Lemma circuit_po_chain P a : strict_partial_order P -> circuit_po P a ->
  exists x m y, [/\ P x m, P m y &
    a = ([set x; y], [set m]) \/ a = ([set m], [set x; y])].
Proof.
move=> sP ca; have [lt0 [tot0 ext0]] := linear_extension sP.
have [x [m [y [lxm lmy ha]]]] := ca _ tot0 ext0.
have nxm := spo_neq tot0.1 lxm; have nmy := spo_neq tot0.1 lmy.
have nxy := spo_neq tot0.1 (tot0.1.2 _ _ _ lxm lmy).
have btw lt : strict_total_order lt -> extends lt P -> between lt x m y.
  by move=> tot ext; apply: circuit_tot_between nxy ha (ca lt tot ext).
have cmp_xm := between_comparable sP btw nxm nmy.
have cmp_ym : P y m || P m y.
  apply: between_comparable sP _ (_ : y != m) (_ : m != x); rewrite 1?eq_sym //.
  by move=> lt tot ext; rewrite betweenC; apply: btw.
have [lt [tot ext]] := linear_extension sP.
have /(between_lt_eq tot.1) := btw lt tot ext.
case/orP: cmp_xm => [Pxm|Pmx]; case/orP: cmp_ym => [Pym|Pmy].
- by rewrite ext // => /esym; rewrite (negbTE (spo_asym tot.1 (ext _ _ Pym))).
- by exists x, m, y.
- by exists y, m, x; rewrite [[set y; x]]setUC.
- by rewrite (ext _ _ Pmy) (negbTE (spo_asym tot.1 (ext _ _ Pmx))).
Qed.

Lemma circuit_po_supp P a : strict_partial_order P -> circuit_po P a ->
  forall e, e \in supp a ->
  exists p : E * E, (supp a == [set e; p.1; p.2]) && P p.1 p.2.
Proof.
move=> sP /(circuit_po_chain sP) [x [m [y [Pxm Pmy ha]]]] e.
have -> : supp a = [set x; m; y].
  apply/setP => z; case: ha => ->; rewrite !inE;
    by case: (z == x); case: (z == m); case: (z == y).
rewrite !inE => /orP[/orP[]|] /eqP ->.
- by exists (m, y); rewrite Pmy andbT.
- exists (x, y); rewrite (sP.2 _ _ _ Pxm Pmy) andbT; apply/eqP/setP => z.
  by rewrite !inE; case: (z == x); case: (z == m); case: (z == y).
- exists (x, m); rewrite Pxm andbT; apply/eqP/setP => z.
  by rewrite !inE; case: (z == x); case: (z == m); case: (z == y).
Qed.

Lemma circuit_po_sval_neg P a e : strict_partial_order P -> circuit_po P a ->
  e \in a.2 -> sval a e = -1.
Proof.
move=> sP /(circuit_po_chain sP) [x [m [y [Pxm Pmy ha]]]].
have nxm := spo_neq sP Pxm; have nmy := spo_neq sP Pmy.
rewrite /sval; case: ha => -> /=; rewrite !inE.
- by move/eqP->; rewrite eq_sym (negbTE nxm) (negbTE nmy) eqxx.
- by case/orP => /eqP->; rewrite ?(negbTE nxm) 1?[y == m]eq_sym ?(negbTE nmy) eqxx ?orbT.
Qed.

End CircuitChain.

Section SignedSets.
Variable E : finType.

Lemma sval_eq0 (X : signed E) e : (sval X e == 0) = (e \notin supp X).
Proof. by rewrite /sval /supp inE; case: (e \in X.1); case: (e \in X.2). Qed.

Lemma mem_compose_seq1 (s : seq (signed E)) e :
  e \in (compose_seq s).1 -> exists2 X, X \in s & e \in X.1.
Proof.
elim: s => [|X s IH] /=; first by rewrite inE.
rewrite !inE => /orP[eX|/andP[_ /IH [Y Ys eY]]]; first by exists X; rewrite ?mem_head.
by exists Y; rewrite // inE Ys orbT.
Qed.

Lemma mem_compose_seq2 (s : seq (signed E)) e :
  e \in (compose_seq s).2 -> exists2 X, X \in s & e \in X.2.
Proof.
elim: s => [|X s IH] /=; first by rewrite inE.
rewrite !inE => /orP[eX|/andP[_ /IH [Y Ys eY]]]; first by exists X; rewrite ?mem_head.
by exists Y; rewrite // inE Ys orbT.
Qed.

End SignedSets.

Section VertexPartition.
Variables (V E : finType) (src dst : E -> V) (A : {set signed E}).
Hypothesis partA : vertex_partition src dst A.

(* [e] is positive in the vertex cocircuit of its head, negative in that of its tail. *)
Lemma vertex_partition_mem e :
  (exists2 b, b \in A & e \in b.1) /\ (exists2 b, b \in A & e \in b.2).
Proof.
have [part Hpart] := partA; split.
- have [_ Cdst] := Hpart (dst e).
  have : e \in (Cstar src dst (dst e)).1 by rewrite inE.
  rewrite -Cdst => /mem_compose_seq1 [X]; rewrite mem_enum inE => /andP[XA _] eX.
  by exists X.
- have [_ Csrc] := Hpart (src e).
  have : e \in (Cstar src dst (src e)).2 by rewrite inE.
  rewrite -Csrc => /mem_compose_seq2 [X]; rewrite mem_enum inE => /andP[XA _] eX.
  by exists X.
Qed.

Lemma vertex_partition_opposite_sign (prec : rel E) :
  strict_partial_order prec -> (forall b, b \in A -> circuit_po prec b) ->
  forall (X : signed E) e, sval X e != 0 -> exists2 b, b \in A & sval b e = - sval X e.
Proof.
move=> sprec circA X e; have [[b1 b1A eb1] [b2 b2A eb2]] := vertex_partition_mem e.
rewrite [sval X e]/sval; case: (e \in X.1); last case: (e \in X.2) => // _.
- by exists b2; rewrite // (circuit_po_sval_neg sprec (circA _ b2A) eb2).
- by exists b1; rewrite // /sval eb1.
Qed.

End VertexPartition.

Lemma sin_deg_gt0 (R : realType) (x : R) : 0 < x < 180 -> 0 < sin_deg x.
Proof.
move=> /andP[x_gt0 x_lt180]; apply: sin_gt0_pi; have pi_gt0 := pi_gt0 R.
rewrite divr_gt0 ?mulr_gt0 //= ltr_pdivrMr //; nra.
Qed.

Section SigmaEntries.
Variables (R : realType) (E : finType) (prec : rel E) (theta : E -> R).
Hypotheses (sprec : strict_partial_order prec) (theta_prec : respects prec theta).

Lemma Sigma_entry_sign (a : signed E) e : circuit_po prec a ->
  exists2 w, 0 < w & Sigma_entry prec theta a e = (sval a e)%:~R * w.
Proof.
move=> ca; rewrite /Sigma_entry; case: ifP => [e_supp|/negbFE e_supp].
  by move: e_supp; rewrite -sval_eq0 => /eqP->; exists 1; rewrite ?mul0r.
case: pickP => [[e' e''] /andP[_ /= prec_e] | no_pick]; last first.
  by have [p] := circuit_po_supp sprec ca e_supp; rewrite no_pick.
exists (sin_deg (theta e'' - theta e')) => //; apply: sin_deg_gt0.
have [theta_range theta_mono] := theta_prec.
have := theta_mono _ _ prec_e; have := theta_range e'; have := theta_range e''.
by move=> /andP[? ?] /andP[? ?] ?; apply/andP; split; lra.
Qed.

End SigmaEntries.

WORK TO COMPLETE: Find how many lines of the listing include the string "SignedSets" and give that number, nothing else.

SOLUTION BELOW: 2